(* Let $W_{-1}$ be the $2\pi$-periodic function given on $[-\pi,\pi]$ by $W_{-1}(x)=|\sin x|\sin^2(x/2)$ for $|x|\le\frac{2\pi}{3}$ and $W_{-1}(x)=\frac{3\sqrt3}{8}$ for $\frac{2\pi}3\le|x|\le\pi$. For any $\theta\in(0,1)$, if $\delta^*>0$ is small enough, then for any $x^*\in(-\delta^*,\delta^* )$ there exists a positive function $\widetilde W_\theta\in W^{1,\infty}(\mathbb R)$ with $\sin(x)\widetilde W_\theta'(x)\ge0$ on $\mathbb R$ such that for every function $f$ on $[-\pi-x^*,\pi-x^*]$ (with the right-hand side finite), $$\Big\|\frac{\sin(x)\int_0^xf(\bar x)\,d\bar x}{W_{-1}\widetilde W_\theta}\Big\|_{L^\infty([-\pi-x^*,\pi-x^*])}\le\theta\Big\|\frac{f}{W_{-1}\widetilde W_\theta}\Big\|_{L^\infty([-\pi-x^*,\pi-x^*])}.$$ *)

From HB Require Import structures.
From mathcomp Require Import all_boot all_order all_algebra.
From mathcomp Require Import all_classical all_reals all_analysis.
Set Implicit Arguments. Unset Strict Implicit. Unset Printing Implicit Defensive.
Import Order.TTheory GRing.Theory Num.Theory.
Import numFieldNormedType.Exports.
Local Open Scope classical_set_scope.
Local Open Scope ring_scope.

Section Defs.
Variable R : realType.

Definition Wm1_base (x : R) : R :=
  if `|x| <= 2 * pi / 3 then `|sin x| * (sin (x / 2)) ^+ 2
  else 3 * Num.sqrt 3 / 8.

Definition red2pi (x : R) : R :=
  x - 2 * pi * (Num.floor ((x + pi) / (2 * pi)))%:~R.

Definition Wm1 (x : R) : R := Wm1_base (red2pi x).

Definition int0 (f : R -> R) (x : R) : R :=
  if 0 <= x then Rintegral lebesgue_measure `[0, x] f
  else - Rintegral lebesgue_measure `[x, 0] f.

(* W^{1,oo}(R): bounded and Lipschitz *)
Definition W1inf (g : R -> R) : Prop :=
  (exists B : R, forall x, `|g x| <= B) /\
  (exists C : R, forall x y, `|g x - g y| <= C * `|x - y|).
End Defs.

(* Take the weight W~ = exp (K (1 - cos x)) with K = 2 / theta: it lies in [1, e^(2K)], is
   Lipschitz, and sin x W~'(x) = K sin^2 x W~(x) >= 0.  For 0 < |x| < pi there is a constant
   b = Wm1_slope |x| with W_{-1}(t) <= b |sin t| between 0 and x and |sin x| b <= 2 W_{-1}(x).
   Hence |f| <= M W_{-1} W~ <= (M b / K) |W~'| there, so |int_0^x f| <= (M b / K) W~(x) and
   |sin x int_0^x f| <= (2 / K) M W_{-1}(x) W~(x) = theta M W_{-1}(x) W~(x).  For
   pi <= |x| <= pi + |x*|, W_{-1}(x) = 3 sqrt 3 / 8 >= 1/2 while |sin x| <= |x*| < delta*, so the
   crude bound |int_0^x f| <= M e^(2K) |x| suffices once delta* = theta / (10 e^(2K)). *)

From HB Require Import structures.
From mathcomp Require Import all_boot all_order all_algebra.
From mathcomp Require Import all_classical all_reals all_analysis.
From mathcomp Require Import lra ring.
Import Order.TTheory GRing.Theory Num.Theory.
Import numFieldNormedType.Exports.
Local Open Scope classical_set_scope.
Local Open Scope ring_scope.
Set Implicit Arguments. Unset Strict Implicit.

(* The library's hint for [Filter (almost_everywhere _)] does not fire for Lebesgue measure. *)
#[local] Hint Extern 0 (Filter (nbhs (almost_everywhere (@lebesgue_measure ?R)))) =>
  exact: (ae_filter_ringOfSetsType (@lebesgue_measure R)) : typeclass_instances.

Section RealFacts.
Variable R : realType.
Implicit Types (f df : R -> R) (x y t : R).

Lemma bounded_derive_lipschitz f df (L : R) :
  (forall t, is_derive t 1 f (df t)) -> (forall t, `|df t| <= L) ->
  forall x y, `|f x - f y| <= L * `|x - y|.
Proof.
move=> f_df df_le.
have f_cont : continuous f.
  by move=> t; apply/differentiable_continuous/derivable1_diffP; case: (f_df t).
suff lip_le x y : x <= y -> `|f x - f y| <= L * `|x - y|.
  by move=> x y; have [/lip_le//|/ltW/lip_le] := leP x y; rewrite distrC (distrC y).
move=> xy; rewrite distrC (distrC x).
have [c _ ->] := MVT_segment xy (fun t _ => f_df t) (continuous_subspaceT f_cont).
by rewrite normrM ler_wpM2r.
Qed.
(* For $q\ge p\ge2$, $\mathrm{Z}_+(K_{p,q})=p$ and $\overline{\mathrm{Z}}_+(K_{p,q})=q$. If $p\ge3$, then $z^+_0(K_{p,q})=p+q-2$; in particular, for $p\ge4$, $z^+_0(K_{p,p})=2p-2>\overline{\mathrm{Z}}_+(K_{p,p})+1$. For $q\ge4$, $\underline{z^+_0}(K_{2,q})=3$ and $z^+_0(K_{2,q})=q+1$.
   Context: All graphs are finite, simple, undirected. PSD color change rule: with $B$ the set of blue vertices and $W=V(G)\setminus B$ the white vertices, let $W_1,\dots,W_k$ be the vertex sets of the connected components of $G[W]$; if $u\in B$, $w\in W_i$, and $w$ is the only white neighbor of $u$ in $G[W_i\cup B]$, then $u$ may color $w$ blue. $S$ is a PSD forcing set if starting with exactly $S$ blue and applying the rule repeatedly, all vertices become blue. $\mathrm{Z}_+(G)$ is the minimum cardinality of a PSD forcing set and $\overline{\mathrm{Z}}_+(G)$ the maximum cardinality of an inclusion-minimal PSD forcing set. $\mathfrak{Z}^+(G)$ has as vertices the PSD forcing sets, with $S_1S_2$ an edge iff $|S_1\ominus S_2|=1$; $\mathfrak{Z}^+_k(G)$ is its subgraph induced by PSD forcing sets of size at most $k$. $z^+_0(G)$ is the least $k_0$ with $\mathfrak{Z}^+_k(G)$ connected for all $k\ge k_0$; $\underline{z^+_0}(G)$ is the least $k$ with $\mathfrak{Z}^+_k(G)$ connected. $K_{p,q}$ is the complete bipartite graph with parts of sizes $p,q$. *)

From Stdlib Require Import Relations.
From mathcomp Require Import all_boot.
Set Implicit Arguments. Unset Strict Implicit. Unset Printing Implicit Defensive.

Section PSD.
Variables (T : finType) (e : rel T).

Definition white_rel (B : {set T}) : rel T :=
  [rel x y | [&& e x y, x \notin B & y \notin B]].

Definition psd_force (B : {set T}) (u w : T) : bool :=
  [&& u \in B, w \notin B, e u w &
      [forall x, [&& x \notin B, e u x & connect (white_rel B) w x] ==> (x == w)]].

Inductive psd_reach (S : {set T}) : {set T} -> Prop :=
| psd_reach_base : psd_reach S S
| psd_reach_step B u w : psd_reach S B -> psd_force B u w -> psd_reach S (w |: B).

Definition psd_forcing_set (S : {set T}) : Prop := psd_reach S setT.

Definition is_Zplus (k : nat) : Prop :=
  (exists S, psd_forcing_set S /\ #|S| = k) /\
  (forall S, psd_forcing_set S -> k <= #|S|).

Definition minimal_psd_forcing_set (S : {set T}) : Prop :=
  psd_forcing_set S /\ (forall S' : {set T}, S' \proper S -> ~ psd_forcing_set S').

Definition is_Zplus_bar (k : nat) : Prop :=
  (exists S, minimal_psd_forcing_set S /\ #|S| = k) /\
  (forall S, minimal_psd_forcing_set S -> #|S| <= k).

(* adjacency in the token addition/removal graph Z^+_k(G) *)
Definition tar_adj (k : nat) (S1 S2 : {set T}) : Prop :=
  [/\ psd_forcing_set S1, #|S1| <= k, psd_forcing_set S2, #|S2| <= k &
      #|(S1 :\: S2) :|: (S2 :\: S1)| = 1].

(* Z^+_k(G) is connected (a connected graph is nonempty) *)
Definition tar_connected (k : nat) : Prop :=
  (exists S, psd_forcing_set S /\ #|S| <= k) /\
  (forall S1 S2, psd_forcing_set S1 -> #|S1| <= k ->
                 psd_forcing_set S2 -> #|S2| <= k ->
                 clos_refl_trans _ (tar_adj k) S1 S2).

Definition is_z0plus (k0 : nat) : Prop :=
  (forall k, k0 <= k -> tar_connected k) /\
  (forall k1, (forall k, k1 <= k -> tar_connected k) -> k0 <= k1).

Definition is_uz0plus (k0 : nat) : Prop :=
  tar_connected k0 /\ (forall k, tar_connected k -> k0 <= k).

End PSD.

Definition Kpq (p q : nat) : rel ('I_p + 'I_q)%type :=
  fun x y => match x, y with
             | inl _, inr _ | inr _, inl _ => true
             | _, _ => false
             end.
Arguments Kpq : clear implicits.

(* In K_{p,q} (p, q >= 2) a blue vertex u can force a white w only if, on the side of w,
   no other vertex is white or the other side is entirely blue: two white vertices of one
   side are joined through any white vertex of the other side, so u would see two white
   neighbours in one white component. Hence S is a PSD forcing set iff on some side at
   most one vertex is white, and if one is, the other side carries a blue vertex. Everything
   is thus governed by the numbers (a, b) of blue vertices on the two sides, and an edge of
   the token graph changes (a, b) by a unit step. Above the thresholds every forcing set
   walks to the left side X, one unit step at a time; below p + q - 2 (resp. q + 1 when
   p = 2) the condition a >= p - 1 cannot be left, separating X from the right side; and
   X is an isolated vertex of Z^+_p. *)

From Stdlib Require Import Relations.
From mathcomp Require Import all_boot zify.
Set Implicit Arguments. Unset Strict Implicit. Unset Printing Implicit Defensive.

Section ReflTransClosure.
Variables (A : Type) (R : relation A).

Lemma clos_rt_sym : (forall x y, R x y -> R y x) ->
  forall x y, clos_refl_trans A R x y -> clos_refl_trans A R y x.
Proof.
move=> symR x y; elim=> [u v /symR|u|u v w _ IHuv _ IHvw].
- exact: rt_step.
- exact: rt_refl.
- exact: (rt_trans _ _ _ _ _ IHvw IHuv).
Qed.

EXERCISE AIM: In the entries above, one line contains "Definition psd_force (B" and another contains "Definition is_Zplus_bar (k". Reproduce exactly those two lines and the lines between them, nothing else.

TASK OUTPUT:
Definition psd_force (B : {set T}) (u w : T) : bool :=
  [&& u \in B, w \notin B, e u w &
      [forall x, [&& x \notin B, e u x & connect (white_rel B) w x] ==> (x == w)]].

Inductive psd_reach (S : {set T}) : {set T} -> Prop :=
| psd_reach_base : psd_reach S S
| psd_reach_step B u w : psd_reach S B -> psd_force B u w -> psd_reach S (w |: B).

Definition psd_forcing_set (S : {set T}) : Prop := psd_reach S setT.

Definition is_Zplus (k : nat) : Prop :=
  (exists S, psd_forcing_set S /\ #|S| = k) /\
  (forall S, psd_forcing_set S -> k <= #|S|).

Definition minimal_psd_forcing_set (S : {set T}) : Prop :=
  psd_forcing_set S /\ (forall S' : {set T}, S' \proper S -> ~ psd_forcing_set S').

Definition is_Zplus_bar (k : nat) : Prop :=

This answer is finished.